WHAT YOU ARE ASKED TO DO>
Of all the lines in the entries below, give again exactly those starting at the line containing "(f : A -> B) : Prop := forall U, OB" and ending at the line containing "measurable_map (mt_meas X) (mt_meas Y) f /\", both ends included, and no others.

[Stored data]
Lemma emul_monol_cat (f : elt) u y : emul (mono u) f (u ++ y) = f y.
Proof.
rewrite /emul size_cat.
have lt_u : (size u < (size u + size y).+1)%N by rewrite ltnS leq_addr.
rewrite (bigD1 (Ordinal lt_u)) //= take_size_cat // drop_size_cat // /mono eqxx mul1r.
rewrite big1 ?addr0 // => i Ni; rewrite /mono; case: eqP => [Eu|]; last by rewrite mul0r.
case/eqP: Ni; apply/val_eqP/eqP => /=.
have := ltn_ord i; move/(congr1 size): Eu; rewrite size_take size_cat /=.
case: ltnP => ? ; lia.
Qed.

Lemma emul_monol_notprefix (f : elt) u x : ~~ prefix u x -> emul (mono u) f x = 0.
Proof.
move=> Nu; rewrite /emul big1 // => i _; rewrite /mono; case: eqP => [Eu|]; last by rewrite mul0r.
by case/negP: Nu; apply/prefixP; exists (drop i x); rewrite -Eu cat_take_drop.
Qed.

Lemma emul1r (f : elt) : emul f (mono [::]) =1 f.
Proof. by move=> x; have := emul_monor_cat f [::] x; rewrite cats0. Qed.

Lemma emul_monorA (f : elt) a b : emul (emul f (mono a)) (mono b) =1 emul f (mono (a ++ b)).
Proof.
move=> x; have [/suffixP[y ->]|Nb] := boolP (suffix b x).
  rewrite emul_monor_cat; have [/suffixP[y' ->]|Na] := boolP (suffix a y).
    by rewrite emul_monor_cat -catA emul_monor_cat.
  rewrite !emul_monor_notsuffix //; apply/negP => /suffixP[w]; rewrite catA => /catIr Ey.
  by case/negP: Na; apply/suffixP; exists w.
rewrite !emul_monor_notsuffix //; apply/negP => /suffixP[w]; rewrite catA => Ex.
by case/negP: Nb; apply/suffixP; exists (w ++ a).
Qed.
(* For each $c\in[0,1]$, the following decision rule is a Bayes decision rule: \[ \delta^{**}_c(\mathbf{y},u)=\begin{cases}1 & \text{if } \sum_{i=1}^{n} w_i^{**} y_i > C^{**},\\ 0 & \text{if } \sum_{i=1}^{n} w_i^{**} y_i < C^{**},\\ u & \text{otherwise},\end{cases} \] where $w_i^{**}=2\log\!\left(\frac{\alpha_i}{\beta_i}\right)$ and $C^{**}=\log\!\left(\frac{1-c}{c}\right)+\sum_{i=1}^{n}\frac{w_i^{**}}{2}$.
   Context: The setting is a crowdsourcing problem with unknown expert accuracies. The unknown quantity is $\theta\in\{0,1\}$, and the observations are expert opinions $\mathbf{Y}=(Y_1,\ldots,Y_n)\in\{0,1\}^n$ together with a fair coin flip $U\sim\text{Bernoulli}(1/2)$ that is independent of $\mathbf{Y}$. The following assumptions hold: - $Y_1,\ldots,Y_n$ are independent conditionally on $(\theta,\gamma_1,\ldots,\gamma_n)$. - $P(Y_i=1\mid\theta=1,\gamma_i)=P(Y_i=0\mid\theta=0,\gamma_i)=\gamma_i$. - $n$ is odd. - The parameter space is $\{(\theta,\gamma_1,\ldots,\gamma_n):\theta\in\{0,1\},\ \gamma_i\in[0,1]\}$. The prior has the following form: - $\theta,\gamma_1,\ldots,\gamma_n$ are independent. - $P(\theta=1)=c$. - $\gamma_i\sim\text{Beta}(\alpha_i,\beta_i)$, with hyperparameters $\alpha_i,\beta_i$ fixed a priori. The loss is $L(\theta,a)=\mathbb{I}(\theta\neq a)$ for $a\in\{0,1\}$. A Bayes decision rule minimizes the expected risk under the prior. *)

From HB Require Import structures.
From mathcomp Require Import all_boot all_order all_algebra.
From mathcomp Require Import all_classical all_reals all_analysis.
Set Implicit Arguments. Unset Strict Implicit. Unset Printing Implicit Defensive.
Import Order.TTheory GRing.Theory Num.Theory.
Local Open Scope ring_scope.
Local Open Scope classical_set_scope.

Section Crowd.
Variable R : realType.

Definition beta_kernel (a b : R) (x : R) : R := x `^ (a - 1) * (1 - x) `^ (b - 1).

Definition beta_expect (a b : R) (g : R -> R) : R :=
  Rintegral (@lebesgue_measure R) `[0, 1]%classic (fun x => g x * beta_kernel a b x)
  / Rintegral (@lebesgue_measure R) `[0, 1]%classic (beta_kernel a b).

Definition expert_lik (yi th : bool) (g : R) : R := if yi == th then g else 1 - g.

Definition prior_theta (c : R) (th : bool) : R := if th then c else 1 - c.

(* Bayes risk (expected 0-1 loss under the prior, the model, and U ~ Bernoulli(1/2))
   of a decision rule delta : {0,1}^n x {0,1} -> {0,1}.  The prior on
   (gamma_1,...,gamma_n) is the product of Beta(alpha_i, beta_i); conditional
   independence of the Y_i given (theta, gamma) and prior independence of the
   gamma_i make the joint integral the product of the one-dimensional ones. *)
Definition bayes_risk (n : nat) (c : R) (alpha beta : 'I_n -> R)
    (delta : {ffun 'I_n -> bool} -> bool -> bool) : R :=
  \sum_(th : bool) prior_theta c th *
    \sum_(y : {ffun 'I_n -> bool}) \sum_(u : bool)
      (1 / 2) * (\prod_(i < n) beta_expect (alpha i) (beta i) (expert_lik (y i) th))
      * (th != delta y u)%:R.

Definition is_bayes_rule (n : nat) (c : R) (alpha beta : 'I_n -> R)
    (delta : {ffun 'I_n -> bool} -> bool -> bool) : Prop :=
  forall delta' : {ffun 'I_n -> bool} -> bool -> bool,
    bayes_risk c alpha beta delta <= bayes_risk c alpha beta delta'.

Definition wstar (n : nat) (alpha beta : 'I_n -> R) (i : 'I_n) : R :=
  2 * ln (alpha i / beta i).

Definition log_odds_inv (c : R) : \bar R :=
  if c == 0 then +oo%E else if c == 1 then -oo%E else (ln ((1 - c) / c))%:E.

Definition Cstar (n : nat) (c : R) (alpha beta : 'I_n -> R) : \bar R :=
  (log_odds_inv c + (\sum_(i < n) wstar alpha beta i / 2)%:E)%E.

Definition delta_star (n : nat) (c : R) (alpha beta : 'I_n -> R)
    (y : {ffun 'I_n -> bool}) (u : bool) : bool :=
  let S := (\sum_(i < n) wstar alpha beta i * (y i)%:R)%:E in
  if (Cstar c alpha beta < S)%E then true
  else if (S < Cstar c alpha beta)%E then false
  else u.

End Crowd.

From HB Require Import structures.
From mathcomp Require Import all_boot all_order all_algebra.
From mathcomp Require Import all_classical all_reals all_analysis.
From mathcomp Require Import ring lra measurable_realfun.
Import Order.TTheory GRing.Theory Num.Theory.
Import numFieldNormedType.Exports.
Set Implicit Arguments. Unset Strict Implicit. Unset Printing Implicit Defensive.
Local Open Scope classical_set_scope.
Local Open Scope ring_scope.

(* Integrating out gamma_i, expert i agrees with theta with probability
   E[gamma_i], and the Beta moments satisfy beta * E[gamma] = alpha * E[1 - gamma]:
   integrate the derivative of x^alpha (1 - x)^beta over (0, 1), where it
   vanishes at both ends.  Hence P(y | theta = 1) / P(y | theta = 0) =
   prod_i (alpha_i / beta_i)^(2 y_i - 1) = exp (sum_i w_i y_i - sum_i w_i / 2).
   Comparing this with the prior odds (1 - c) / c, delta** picks, for every
   (y, u), a decision of minimal posterior loss, so it minimises the Bayes risk. *)

Lemma ge0_RintegralZl (d : measure_display) (T : measurableType d) (R : realType)
    (mu : measure T R) (D : set T) (h : T -> R) (k : R) :
  measurable D -> measurable_fun D h -> {in D, forall x, 0 <= h x} -> 0 <= k ->
  Rintegral mu D (fun x => k * h x) = k * Rintegral mu D h.
Proof.
move=> mD mh h_ge0 k_ge0; rewrite /Rintegral.
under eq_integral do rewrite EFinM.
rewrite ge0_integralZl_EFin //; last 2 first.
- by move=> x /mem_set /h_ge0; rewrite lee_fin.
- exact/measurable_EFinP.
have [->|k_gt0] := eqVneq k 0; first by rewrite !mul0e mul0r.
have {k_ge0} {}k_gt0 : 0 < k by rewrite lt_def k_gt0.
case: (\int[mu]_(x in D) (h x)%:E)%E => [r| |] //=.
- by rewrite gt0_muley ?lte_fin ?mulr0.
- by rewrite gt0_muleNy ?lte_fin ?mulr0.
Qed.

Lemma is_derive_onem_powR (R : realType) (r x : R) : x < 1 ->
  is_derive x 1 (fun y => (1 - y) `^ r) (- (r * (1 - x) `^ (r - 1))).
Proof.
move=> x1; rewrite -[X in is_derive _ _ _ X]mulrN1.
have -> : (fun y => (1 - y) `^ r) = (@powR R)^~ r \o (fun y => 1 - y) by [].
apply: is_derive1_comp; first by apply: is_derive1_powR; rewrite subr_gt0.
by have := @is_deriveB R R R (cst 1) id x 1 0 1 _ _; rewrite sub0r; exact.
Qed.

Lemma powR_onem_powR_cvg0 (R : realType) (p q : R) : 0 < p -> 0 <= q ->
  x `^ p * (1 - x) `^ q @[x --> 0^'+] --> 0.
Proof.
move=> p0 q0; apply: (@squeeze_cvgr _ _ _ _ (cst 0) (fun x => x `^ p)); last 2 first.
- exact: cvg_cst.
- exact: powR_cvg0.
near=> x.
have x0 : 0 <= x by near: x; exact: nbhs_right_ge.
have x1 : x <= 1 by near: x; exact: nbhs_right_le.
rewrite /= mulr_ge0 ?powR_ge0 //= ler_piMr ?powR_ge0 //.
rewrite -[leRHS](_ : 1 `^ q = 1); last by rewrite powR1.
by apply: (ge0_ler_powR q0); rewrite ?nnegrE; lra.
Unshelve. all: by end_near.
Qed.
(* Let $X,Y$ be MT-spaces, $\Gamma$ a standard ring, and let $f,g:X\to Y$ be MT-homotopic MT-maps. Then $f^*$ and $g^*$ induce the same homomorphism $H^*_{MT}(Y,\Gamma)\to H^*_{MT}(X,\Gamma)$ in measurable singular cohomology.
   Context: An MT-space is a set with a $\sigma$-algebra and a topology; MT-maps are measurable continuous maps; $X\times\mathbb{R}$ has the product topology and the product $\sigma$-algebra, and an MT-homotopy is an MT-map $H:X\times\mathbb{R}\to Y$ with $H(\cdot,0)=f$, $H(\cdot,1)=g$. A standard ring is a ring which is a standard Borel space with measurable operations. A measurable singular $n$-simplex is an MT-map $\sigma:\triangle^n\times T\to X$, $T$ a standard Borel space, $\triangle^n\times T$ with the product of the Euclidean and discrete topologies and the product $\sigma$-algebra. A singular $n$-cochain $\omega$ with coefficients in $\Gamma$ is measurable if for every measurable singular $n$-simplex $\sigma$ the map $t\mapsto\omega(\sigma|_{\triangle^n\times\{t\}})$ is measurable. Measurable cochains form a subcomplex of singular cochains, whose cohomology is $H^*_{MT}(X,\Gamma)$. *)

From HB Require Import structures.
From mathcomp Require Import all_boot all_order all_algebra.
From mathcomp Require Import boolp classical_sets cardinality reals Rstruct.
From mathcomp Require Import measurable_structure.

Set Implicit Arguments.
Unset Strict Implicit.
Unset Printing Implicit Defensive.

Import Order.TTheory GRing.Theory Num.Theory.
Local Open Scope classical_set_scope.
Local Open Scope ring_scope.

Notation R := Rdefinitions.R.

Definition is_topology (T : Type) (O : set (set T)) : Prop :=
  [/\ O setT, O set0,
      (forall A B, O A -> O B -> O (A `&` B)) &
      (forall G : set (set T), G `<=` O -> O (\bigcup_(A in G) A))].

Definition gen_sigma (T : Type) (G : set (set T)) : set (set T) :=
  smallest (sigma_algebra setT) G.

Definition prod_sigma (A B : Type) (SA : set (set A)) (SB : set (set B))
  : set (set (A * B)) :=
  gen_sigma [set E | exists U V, [/\ SA U, SB V & E = U `*` V]].

Definition prod_top (A B : Type) (OA : set (set A)) (OB : set (set B))
  : set (set (A * B)) :=
  [set E | forall z, E z -> exists U V,
     [/\ OA U, OB V, U z.1, V z.2 & U `*` V `<=` E]].

Definition discrete_top (T : Type) : set (set T) := setT.

Definition measurable_map (A B : Type) (SA : set (set A)) (SB : set (set B))
  (f : A -> B) : Prop := forall E, SB E -> SA (f @^-1` E).

Definition continuous_map (A B : Type) (OA : set (set A)) (OB : set (set B))
  (f : A -> B) : Prop := forall U, OB U -> OA (f @^-1` U).

Record MTSpace := MkMTSpace {
  mt_car :> Type;
  mt_meas : set (set mt_car);
  mt_open : set (set mt_car);
  mt_meas_sigma : sigma_algebra setT mt_meas;
  mt_open_top : is_topology mt_open }.
Arguments mt_meas : clear implicits.
Arguments mt_open : clear implicits.

Definition MTmap (X Y : MTSpace) (f : X -> Y) : Prop :=
  measurable_map (mt_meas X) (mt_meas Y) f /\
  continuous_map (mt_open X) (mt_open Y) f.

Definition R_open : set (set R) :=
  [set U | forall x, U x -> exists e : R, 0 < e /\
      forall y, `|y - x| < e -> U y].
Definition R_borel : set (set R) := gen_sigma R_open.

Definition MThomotopy (X Y : MTSpace) (f g : X -> Y) (H : X * R -> Y) : Prop :=
  [/\ measurable_map (prod_sigma (mt_meas X) R_borel) (mt_meas Y) H,
      continuous_map (prod_top (mt_open X) R_open) (mt_open Y) H,
      (forall x, H (x, 0) = f x) &
      (forall x, H (x, 1) = g x)].

Definition MThomotopic (X Y : MTSpace) (f g : X -> Y) : Prop :=
  exists H, MThomotopy f g H.

Definition is_metric (T : Type) (d : T -> T -> R) : Prop :=
  forall x y z, [/\ 0 <= d x y, d x y = 0 <-> x = y, d x y = d y x &
                   d x z <= d x y + d y z].

Definition metric_open (T : Type) (d : T -> T -> R) : set (set T) :=
  [set U | forall x, U x -> exists e : R, 0 < e /\ forall y, d x y < e -> U y].

Definition metric_complete (T : Type) (d : T -> T -> R) : Prop :=
  forall u : nat -> T,
    (forall e : R, 0 < e -> exists N, forall m k, (N <= m)%N -> (N <= k)%N ->
        d (u m) (u k) < e) ->
    exists l, forall e : R, 0 < e -> exists N, forall m, (N <= m)%N ->
        d (u m) l < e.

Definition separable_top (T : Type) (O : set (set T)) : Prop :=
  exists D : set T, countable D /\
    forall U, O U -> U !=set0 -> exists x, D x /\ U x.

Definition polish (T : Type) (O : set (set T)) : Prop :=
  separable_top O /\
  exists d : T -> T -> R, [/\ is_metric d, metric_complete d & O = metric_open d].

Definition standard_borel (T : Type) (S : set (set T)) : Prop :=
  exists O : set (set T), polish O /\ S = gen_sigma O.

Definition standard_ring (G : pzRingType) (SG : set (set G)) : Prop :=
  [/\ standard_borel SG,
      measurable_map (prod_sigma SG SG) SG (fun z : G * G => z.1 + z.2),
      measurable_map (prod_sigma SG SG) SG (fun z : G * G => z.1 * z.2) &
      measurable_map SG SG (fun x : G => - x)].
(* Let $q\ge2$ and let $U$ be a dual-unitary operator on $\mathbb{C}^q\otimes\mathbb{C}^q$. Then $$\|\mathcal{M}_+^U\|_2^2=\|\mathcal{M}_-^U\|_2^2=1+(q^2-1)\bigl(1-e_p(U)\bigr),\qquad \|\mathcal{M}_+^U-\mathcal{P}\|_2^2=(q^2-1)\bigl(1-e_p(U)\bigr),$$ where $\mathcal{P}(a)=\operatorname{tr}(a)I/q$. In particular these norms are unchanged when $U$ is replaced by $(u_1\otimes u_2)U(v_1\otimes v_2)$ for any single-site unitaries $u_i,v_i\in U(q)$.
   Context: Product basis $|i\alpha\rangle=|i\rangle\otimes|\alpha\rangle$ of $\mathbb{C}^q\otimes\mathbb{C}^q$. For an operator $X$ define the realignment $\langle\beta\alpha|X^{R_1}|ji\rangle=\langle i\alpha|X|j\beta\rangle$. A unitary $U$ is dual-unitary if $U^{R_1}$ is unitary. $S$ is the swap, $S|\phi\rangle|\psi\rangle=|\psi\rangle|\phi\rangle$. The operator entanglement is $E(U)=1-q^{-4}\operatorname{tr}[(U^{R_1}U^{R_1\dagger})^2]$ and the entangling power is $e_p(U)=\frac{E(U)+E(US)-E(S)}{E(S)}$ with $E(S)=1-1/q^2$. The maps $\mathcal{M}_+^U(a)=\frac1q\operatorname{tr}_1[U^\dagger(a\otimes I)U]$ and $\mathcal{M}_-^U(a)=\frac1q\operatorname{tr}_2[U^\dagger(I\otimes a)U]$ act on $q\times q$ complex matrices. For a linear map $\mathcal{N}$ on $q\times q$ matrices, $\|\mathcal{N}\|_2^2=\sum_{j,l}\operatorname{tr}[\mathcal{N}(E_{jl})^\dagger\mathcal{N}(E_{jl})]$, with $E_{jl}=|j\rangle\langle l|$ the matrix units (Hilbert–Schmidt norm of the map w.r.t. the inner product $\operatorname{tr}(a^\dagger b)$). *)

(* Complex scalars: an arbitrary numClosedFieldType C
   (e.g. algC, or complex R for a real closed field R). *)
From HB Require Import structures.
From mathcomp Require Import all_boot all_order all_algebra.
From mathcomp Require Import sesquilinear spectral.
Set Implicit Arguments. Unset Strict Implicit. Unset Printing Implicit Defensive.
Import Order.TTheory GRing.Theory Num.Theory.
Local Open Scope ring_scope.
Local Open Scope sesquilinear_scope.

Section QuantumDefs.
Variables (C : numClosedFieldType) (q : nat).

(* basis vector |i alpha> = |i> (x) |alpha> of C^q (x) C^q *)
Definition pidx (i a : 'I_q) : 'I_(q * q) := mxvec_index i a.

Definition adj (X : 'M[C]_(q * q)) : 'M[C]_(q * q) := X ^t*.
Definition adjq (X : 'M[C]_q) : 'M[C]_q := X ^t*.

Definition kron (A B : 'M[C]_q) : 'M[C]_(q * q) :=
  \sum_(i < q) \sum_(j < q) \sum_(a < q) \sum_(b < q)
     (A i j * B a b) *: delta_mx (pidx i a) (pidx j b).

Definition realign (X : 'M[C]_(q * q)) : 'M[C]_(q * q) :=
  \sum_(i < q) \sum_(a < q) \sum_(j < q) \sum_(b < q)
     X (pidx i a) (pidx j b) *: delta_mx (pidx b a) (pidx j i).

Definition dual_unitary (U : 'M[C]_(q * q)) : Prop :=
  U \is unitarymx /\ realign U \is unitarymx.

Definition swapq : 'M[C]_(q * q) :=
  \sum_(j < q) \sum_(b < q) delta_mx (pidx b j) (pidx j b).
Lemma norm_lagrange_le {F : realFieldType} {n} {x : nat -> F}
    (n_gt0 : (0 < n)%N) (x_inj : injective x) (i : 'I_n) (t c : F) :
  0 <= c -> (forall j : 'I_n, j != i -> `|t - x j| <= c * `|x i - x j|) ->
  `|(tnth (n.-lagrange x) i : {poly F}).[t]| <= c ^+ n.-1.
Proof.
move=> c0 ht; rewrite lagrangeE //= hornerM hornerC !horner_prod.
under eq_bigr do rewrite hornerXsubC.
under [X in _ * X]eq_bigr do rewrite hornerXsubC.
rewrite mulrC -prodf_div normr_prod.
have -> : c ^+ n.-1 = \prod_(j < n | j != i) c.
  by rewrite prodr_const; congr (_ ^+ _); rewrite (cardC1 i) card_ord.
apply: ler_prod => j ji; rewrite normr_ge0 /=.
have xij : 0 < `|x i - x j|.
  by rewrite normr_gt0 subr_eq0 (inj_eq x_inj); move: ji; rewrite eq_sym.
by rewrite normrM normfV ler_pdivrMr // ht.
Qed.

Lemma natr_dist_ge1 (R : realDomainType) (j m : nat) :
  j != m -> 1 <= `|j%:R - m%:R : R|.
Proof.
case: ltngtP => // [jm|mj] _.
  by rewrite distrC -natrB ?(ltnW jm) // ger0_norm ?ler0n // ler1n subn_gt0.
by rewrite -natrB ?(ltnW mj) // ger0_norm ?ler0n // ler1n subn_gt0.
Qed.

(* The interpolation nodes are [1 + j * (n %/ (d + 1))], [j <= d]: they lie
   in [1, n] and are at least [n / (2 (d + 1))] apart. *)
Lemma norm_poly_le_of_grid {R : realFieldType} {d n : nat} {p : {poly R}}
    {C : R} :
  (size p <= d.+1)%N -> (d.+1 <= n)%N ->
  (forall i, (1 <= i <= n)%N -> `|p.[i%:R]| <= C) ->
  forall t, 0 <= t <= n%:R -> `|p.[t]| <= d.+1%:R * (C * (2 * d.+1%:R) ^+ d).
Proof.
move=> sp dn hp t /andP[t0 tn].
set q := (n %/ d.+1)%N.
have q_gt0 : (0 < q)%N by rewrite divn_gt0.
have qn : (q * d.+1 <= n)%N by exact: leq_divM.
have nq : (n < q.+1 * d.+1)%N by exact: ltn_ceil.
pose x j := (1 + j * q)%N%:R : R.
have x_inj : injective x.
  move=> j k /eqP; rewrite eqr_nat => /eqP xjk; apply/eqP.
  by rewrite -(eqn_pmul2r q_gt0); apply/eqP; lia.
have C0 : 0 <= C.
  by apply: le_trans (normr_ge0 _) (hp 1%N _); rewrite /= (leq_trans _ dn).
rewrite (lagrange_gen (ltn0Sn d) x_inj sp) horner_sum.
under eq_bigr do rewrite hornerCM.
apply: norm_sum_mul_le => // [k|k].
  by apply: hp; have := ltn_ord k; nia.
apply: norm_lagrange_le => // m mk.
have xm_le : `|t - x m| <= n%:R.
  have : x m <= n%:R by rewrite ler_nat; have := ltn_ord m; nia.
  by rewrite ler_norml; have := ler0n R (1 + m * q); lra.
have xkm_ge : q%:R <= `|x k - x m|.
  rewrite /x !natrD !natrM (addrC 1) addrKA -mulrBl normrM.
  rewrite (ger0_norm (ler0n _ q)).
  by rewrite ler_peMl ?ler0n // natr_dist_ge1 // eq_sym.
apply: (le_trans xm_le); apply: le_trans (ler_wpM2l _ xkm_ge).
  by rewrite -!natrM ler_nat; nia.
by rewrite mulr_ge0 ?ler0n.
Qed.

Section UnitNodes.
Variables (R : realFieldType) (d : nat).

Definition unit_node (j : nat) : R := j%:R / d.+1%:R.

Lemma unit_node_inj : injective unit_node.
Proof.
move=> j k /(congr1 (fun z => z * d.+1%:R)); rewrite /= !divfK ?pnatr_eq0 //.
by move/eqP; rewrite eqr_nat => /eqP.
Qed.

Lemma unit_node_itv (k : 'I_d.+1) : 0 <= unit_node k <= 1.
Proof.
by rewrite divr_ge0 ?ler0n //= ler_pdivrMr ?ltr0Sn // mul1r ler_nat ltnW.
Qed.

Lemma norm_unit_lagrange_le (k : 'I_d.+1) (u : R) : 0 <= u <= 1 ->
  `|(tnth (d.+1.-lagrange unit_node) k : {poly R}).[u]| <= d.+1%:R ^+ d.
Proof.
move=> /andP[u0 u1].
apply: (norm_lagrange_le (ltn0Sn d) unit_node_inj) => // m mk.
have /andP[m0 m1] := unit_node_itv m.
have /le_trans -> // : `|u - unit_node m| <= 1 by rewrite ler_norml; lra.
rewrite /unit_node -mulrBl normrM normfV (ger0_norm (ler0n _ d.+1)).
by rewrite mulrCA mulfV ?pnatr_eq0 // mulr1 natr_dist_ge1 // eq_sym.
Qed.

End UnitNodes.

Lemma closure_continuous_within {U : topologicalType} {V : puniformType}
    (A : set U) (W : set {uniform` A -> V}) :
  (forall f, W f -> {within A, continuous f}) ->
  forall f, closure W f -> {within A, continuous f}.
Proof.
move=> Wc f; rewrite closureEcvg => -[G PG [Gf GW]].
apply: (uniform_limit_continuous_subspace PG _ Gf).
by apply: filterS (GW W (fun=> id)) => g /Wc.
Qed.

SOLUTION TO THIS TASK>
  (f : A -> B) : Prop := forall U, OB U -> OA (f @^-1` U).

Record MTSpace := MkMTSpace {
  mt_car :> Type;
  mt_meas : set (set mt_car);
  mt_open : set (set mt_car);
  mt_meas_sigma : sigma_algebra setT mt_meas;
  mt_open_top : is_topology mt_open }.
Arguments mt_meas : clear implicits.
Arguments mt_open : clear implicits.

Definition MTmap (X Y : MTSpace) (f : X -> Y) : Prop :=
  measurable_map (mt_meas X) (mt_meas Y) f /\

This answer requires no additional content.